# Data section:
(* Let $\mathcal{P}$ be a (weakly connected) collection of cells whose connected components are $\mathcal{P}_1,\dots,\mathcal{P}_n$. For each $i$ let $\tilde{r}_{\mathcal{P}_i}(t)$ be the switching rook polynomial of $\mathcal{P}_i$. Then $\prod_{i=1}^n \tilde{r}_{\mathcal{P}_i}(t)$ is the switching rook polynomial of $\mathcal{P}$.
   Context: For $a=(a_1,a_2)\le b=(b_1,b_2)$ in $\mathbb{Z}^2$ (componentwise order), the interval $[a,b]$ is $\{(m,n)\in\mathbb{Z}^2: a_1\le m\le b_1,\ a_2\le n\le b_2\}$; it is proper if $a_1<b_1$ and $a_2<b_2$. A cell is a proper interval $[a,a+(1,1)]$, with lower left corner $a$; its vertices are its four points. A collection of cells is a finite non-empty set $\mathcal{P}$ of cells; it is weakly connected if any two of its cells are joined by a sequence of cells of $\mathcal{P}$ in which consecutive cells share a vertex (throughout, ''collection of cells'' means a weakly connected one). A path in $\mathcal{P}$ is a sequence of distinct cells of $\mathcal{P}$, consecutive ones sharing an edge; a polyomino is a collection of cells in which any two cells are joined by a path; a connected component of $\mathcal{P}$ is a subset which is a polyomino and is maximal with this property. An inner interval of $\mathcal{P}$ is a proper interval all of whose cells belong to $\mathcal{P}$. A cell interval of $\mathcal{P}$ is a set of cells of $\mathcal{P}$ whose lower left corners form the points of an interval $[(i,j),(k,l)]$ with $i=k$ or $j=l$ (vertical or horizontal). Two rooks placed in cells of $\mathcal{P}$ are non-attacking if they do not lie in a common horizontal or vertical cell interval contained in $\mathcal{P}$; a $k$-rook configuration is a set of $k$ pairwise non-attacking rooks in cells of $\mathcal{P}$, and $r(\mathcal{P})$ is the maximum such $k$. Two non-attacking rooks are switching if they occupy cells $A,B$ with lower left corners $(i,j),(k,l)$, $i\ne k$, $j\neq l$, such that all cells of the inner interval spanned by $A$ and $B$ lie in $\mathcal{P}$ (i.e. $A,B$ are diagonal or anti-diagonal cells of a rectangle of $\mathcal{P}$); a switch replaces them by rooks in the cells with lower left corners $(i,l)$ and $(k,j)$. Two $k$-rook configurations are equivalent if one is obtained from the other by a finite sequence of switches. If $\tilde r_k$ is the number of equivalence classes of $k$-rook configurations ($\tilde r_0=1$), the switching rook polynomial of $\mathcal{P}$ is $\tilde r_{\mathcal{P}}(t)=\sum_{k=0}^{r(\mathcal{P})}\tilde r_k t^k$. *)

From HB Require Import structures.
From mathcomp Require Import all_boot all_order all_algebra.
From mathcomp Require Import finmap.
From mathcomp Require Import boolp.
From Stdlib Require Import Relations.
Set Implicit Arguments. Unset Strict Implicit. Unset Printing Implicit Defensive.
Import Order.TTheory GRing.Theory Num.Theory.
Local Open Scope fset_scope.
Local Open Scope ring_scope.

(* A cell is identified with its lower left corner a; the cell is [a, a+(1,1)]. *)
Definition cell := (int * int)%type.

Definition share_vertex (A B : cell) : bool :=
  (`|A.1 - B.1| <= 1) && (`|A.2 - B.2| <= 1).

Definition share_edge (A B : cell) : bool :=
  ((A.1 == B.1) && (`|A.2 - B.2| == 1)) || ((A.2 == B.2) && (`|A.1 - B.1| == 1)).

Definition weakly_connected (P : {fset cell}) : Prop :=
  forall A B, A \in P -> B \in P ->
    exists s : seq cell, [/\ all (fun C => C \in P) s,
                             path share_vertex A s & last A s = B].

Definition collection (P : {fset cell}) : Prop :=
  P != fset0 /\ weakly_connected P.

Definition polyomino (P : {fset cell}) : Prop :=
  collection P /\
  forall A B, A \in P -> B \in P ->
    exists s : seq cell, [/\ all (fun C => C \in P) s, uniq (A :: s),
                             path share_edge A s & last A s = B].

Definition connected_component (P Q : {fset cell}) : Prop :=
  [/\ Q `<=` P, polyomino Q &
      forall Q' : {fset cell}, Q `<=` Q' -> Q' `<=` P -> polyomino Q' -> Q' = Q].

Definition row_interval_in (P : {fset cell}) (j a b : int) : Prop :=
  forall x : int, Num.min a b <= x <= Num.max a b -> (x, j) \in P.

Definition col_interval_in (P : {fset cell}) (i a b : int) : Prop :=
  forall y : int, Num.min a b <= y <= Num.max a b -> (i, y) \in P.

Definition attacking (P : {fset cell}) (A B : cell) : Prop :=
  (A.2 = B.2 /\ row_interval_in P A.2 A.1 B.1) \/
  (A.1 = B.1 /\ col_interval_in P A.1 A.2 B.2).

Definition rook_config (P C : {fset cell}) : Prop :=
  C `<=` P /\ forall A B, A \in C -> B \in C -> A != B -> ~ attacking P A B.

Definition rect_in (P : {fset cell}) (A B : cell) : Prop :=
  forall x y : int,
    Num.min A.1 B.1 <= x <= Num.max A.1 B.1 ->
    Num.min A.2 B.2 <= y <= Num.max A.2 B.2 -> (x, y) \in P.

Definition switch_step (P : {fset cell}) (C C' : {fset cell}) : Prop :=
  exists A B : cell,
    [/\ A \in C, B \in C, (A.1 != B.1) && (A.2 != B.2), rect_in P A B &
        C' = ((C `\ A) `\ B) `|` [fset (A.1, B.2); (B.1, A.2)]].

Definition switch_equiv (P : {fset cell}) : {fset cell} -> {fset cell} -> Prop :=
  clos_refl_trans _ (switch_step P).

Definition rook_configs (P : {fset cell}) (k : nat) : {fset {fset cell}} :=
  [fset C in fpowerset P | `[< rook_config P C >] && (#|` C| == k)%N].

Definition rook_number (P : {fset cell}) : nat :=
  \max_(k < (#|` P|).+1 | rook_configs P k != fset0) k.

Definition switch_class (P : {fset cell}) (k : nat) (C : {fset cell}) :
  {fset {fset cell}} :=
  [fset D in rook_configs P k | `[< switch_equiv P C D >]].

Definition switch_rook_count (P : {fset cell}) (k : nat) : nat :=
  #|` [fset S in fpowerset (rook_configs P k) |
        `[< exists2 C, C \in rook_configs P k & S = switch_class P k C >]] |.

Definition switching_rook_poly (P : {fset cell}) : {poly int} :=
  \sum_(k < (rook_number P).+1) (switch_rook_count P k)%:R *: 'X^k.

From HB Require Import structures.
From mathcomp Require Import all_boot all_order all_algebra.
From mathcomp Require Import finmap boolp zify.
From Stdlib Require Import Relations.
Set Implicit Arguments. Unset Strict Implicit. Unset Printing Implicit Defensive.
Import Order.TTheory GRing.Theory Num.Theory.
Local Open Scope fset_scope.

(* Call two sets of cells separated when no cell of one equals or shares an
   edge with a cell of the other; distinct connected components are separated.
   For separated P1 and P2, a horizontal or vertical cell interval, or an inner
   interval, of P1 ∪ P2 that contains a cell of P1 lies entirely in P1: walking
   along it one never steps across an edge into P2. Hence the rook
   configurations of P1 ∪ P2 are exactly the unions C1 ∪ C2 of configurations of
   P1 and P2, and every switch happens inside P1 or inside P2. So the switching
   classes of k-rook configurations of P1 ∪ P2 are in bijection with the pairs
   of classes of i- and (k-i)-rook configurations of P1 and P2, i <= k: the
   class counts convolve and the switching rook polynomials multiply. *)

Lemma fsetI_cover (K : choiceType) (C P1 P2 : {fset K}) :
  C `<=` P1 `|` P2 -> C = (C `&` P1) `|` (C `&` P2).
Proof. by move=> CP; rewrite -fsetIUr (fsetIidPl CP). Qed.

Lemma clos_rt_map (T U : Type) (R : relation T) (S : relation U) (f : T -> U) :
  (forall x y, R x y -> clos_refl_trans _ S (f x) (f y)) ->
  forall x y, clos_refl_trans _ R x y -> clos_refl_trans _ S (f x) (f y).
Proof.
move=> mapR x y; elim=> {x y} [x y /mapR //|x|x y z _ fxy _ fyz]; first exact: rt_refl.
exact: rt_trans fxy fyz.
Qed.

Lemma size_undup_map_ker (T U V : eqType) (f : T -> U) (g : T -> V) (s : seq T) :
  {in s &, forall x y, (f x == f y) = (g x == g y)} ->
  size (undup (map f s)) = size (undup (map g s)).
Proof.
elim: s => [//|x s IH] ker /=.
have ker_s : {in s &, forall x y, (f x == f y) = (g x == g y)}.
  by move=> y z ys zs; apply: ker; rewrite inE ?ys ?zs orbT.
have -> : (f x \in map f s) = (g x \in map g s).
  apply/mapP/mapP => -[y ys eq_xy]; exists y => //; apply/eqP.
  - by rewrite -ker ?inE ?eqxx ?ys ?orbT // eq_xy.
  - by rewrite ker ?inE ?eqxx ?ys ?orbT // eq_xy.
by case: (g x \in map g s); rewrite /= IH.
Qed.

Lemma card_imfset_ker (T U V : choiceType) (f : T -> U) (g : T -> V) (A : {fset T}) :
  {in A &, forall x y, (f x == f y) = (g x == g y)} ->
  #|` [fset f x | x in A]| = #|` [fset g x | x in A]|.
Proof.
have cardE (W : choiceType) (h : T -> W) :
    #|` [fset h x | x in A]| = size (undup (map h A)).
  rewrite -card_fseq; congr #|` _|; apply/fsetP => y; rewrite in_fset /=.
  by apply/imfsetP/mapP => -[x xA ->]; exists x.
by move=> ker; rewrite !cardE; apply: size_undup_map_ker.
Qed.

Lemma card_fset_sigma (T U : choiceType) (n : nat) (A : nat -> {fset T})
    (B : nat -> {fset U}) (X : {fset nat * (T * U)}) :
  (forall i x y, ((i, (x, y)) \in X) = [&& (i < n)%N, x \in A i & y \in B i]) ->
  #|` X| = (\sum_(i < n) #|` A i| * #|` B i|)%N.
Proof.
move=> memX.
pose pairs i := [seq (x, y) | x <- enum_fset (A i), y <- enum_fset (B i)].
pose t := [seq (i, u) | i <- iota 0 n, u <- pairs i].
have -> : X = [fset u in t].
  apply/fsetP => -[i [x y]]; rewrite memX in_fset /=.
  apply/and3P/allpairsPdep => [[lt_in xA yB]|[j [u [jn /allpairsP[[x' y'] /=]]]]].
    exists i, (x, y); split=> //; first by rewrite mem_iota.
    by apply/allpairsP; exists (x, y).
  by case=> x'A y'B -> [-> -> ->]; split=> //; move: jn; rewrite mem_iota.
rewrite card_fseq undup_id; last first.
  apply: allpairs_uniq_dep => [|i _|[i u] [j v] _ _ /= [-> ->] //]; first exact: iota_uniq.
  by apply: allpairs_uniq => [||[x y] [x' y'] _ _ /= [-> ->]].
rewrite /t size_allpairs_dep sumnE big_map -{1}(subn0 n) big_mkord.
by apply: eq_bigr => i _; rewrite size_allpairs.
Qed.

Definition separated (P1 P2 : {fset cell}) : Prop :=
  forall A B, A \in P1 -> B \in P2 -> (A != B) && ~~ share_edge A B.

Definition edge_closed (P Q : {fset cell}) : Prop :=
  forall A B, A \in Q -> B \in P -> share_edge A B -> B \in Q.

Section Geometry.
Local Open Scope ring_scope.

# What is needed:
In the listing above, find the line holding "move=> mapR x" and the line holding "by apply/imfsetP/mapP =>", then output those two lines and every line between them exactly.

# Written solution:
move=> mapR x y; elim=> {x y} [x y /mapR //|x|x y z _ fxy _ fyz]; first exact: rt_refl.
exact: rt_trans fxy fyz.
Qed.

Lemma size_undup_map_ker (T U V : eqType) (f : T -> U) (g : T -> V) (s : seq T) :
  {in s &, forall x y, (f x == f y) = (g x == g y)} ->
  size (undup (map f s)) = size (undup (map g s)).
Proof.
elim: s => [//|x s IH] ker /=.
have ker_s : {in s &, forall x y, (f x == f y) = (g x == g y)}.
  by move=> y z ys zs; apply: ker; rewrite inE ?ys ?zs orbT.
have -> : (f x \in map f s) = (g x \in map g s).
  apply/mapP/mapP => -[y ys eq_xy]; exists y => //; apply/eqP.
  - by rewrite -ker ?inE ?eqxx ?ys ?orbT // eq_xy.
  - by rewrite ker ?inE ?eqxx ?ys ?orbT // eq_xy.
by case: (g x \in map g s); rewrite /= IH.
Qed.

Lemma card_imfset_ker (T U V : choiceType) (f : T -> U) (g : T -> V) (A : {fset T}) :
  {in A &, forall x y, (f x == f y) = (g x == g y)} ->
  #|` [fset f x | x in A]| = #|` [fset g x | x in A]|.
Proof.
have cardE (W : choiceType) (h : T -> W) :
    #|` [fset h x | x in A]| = size (undup (map h A)).
  rewrite -card_fseq; congr #|` _|; apply/fsetP => y; rewrite in_fset /=.
  by apply/imfsetP/mapP => -[x xA ->]; exists x.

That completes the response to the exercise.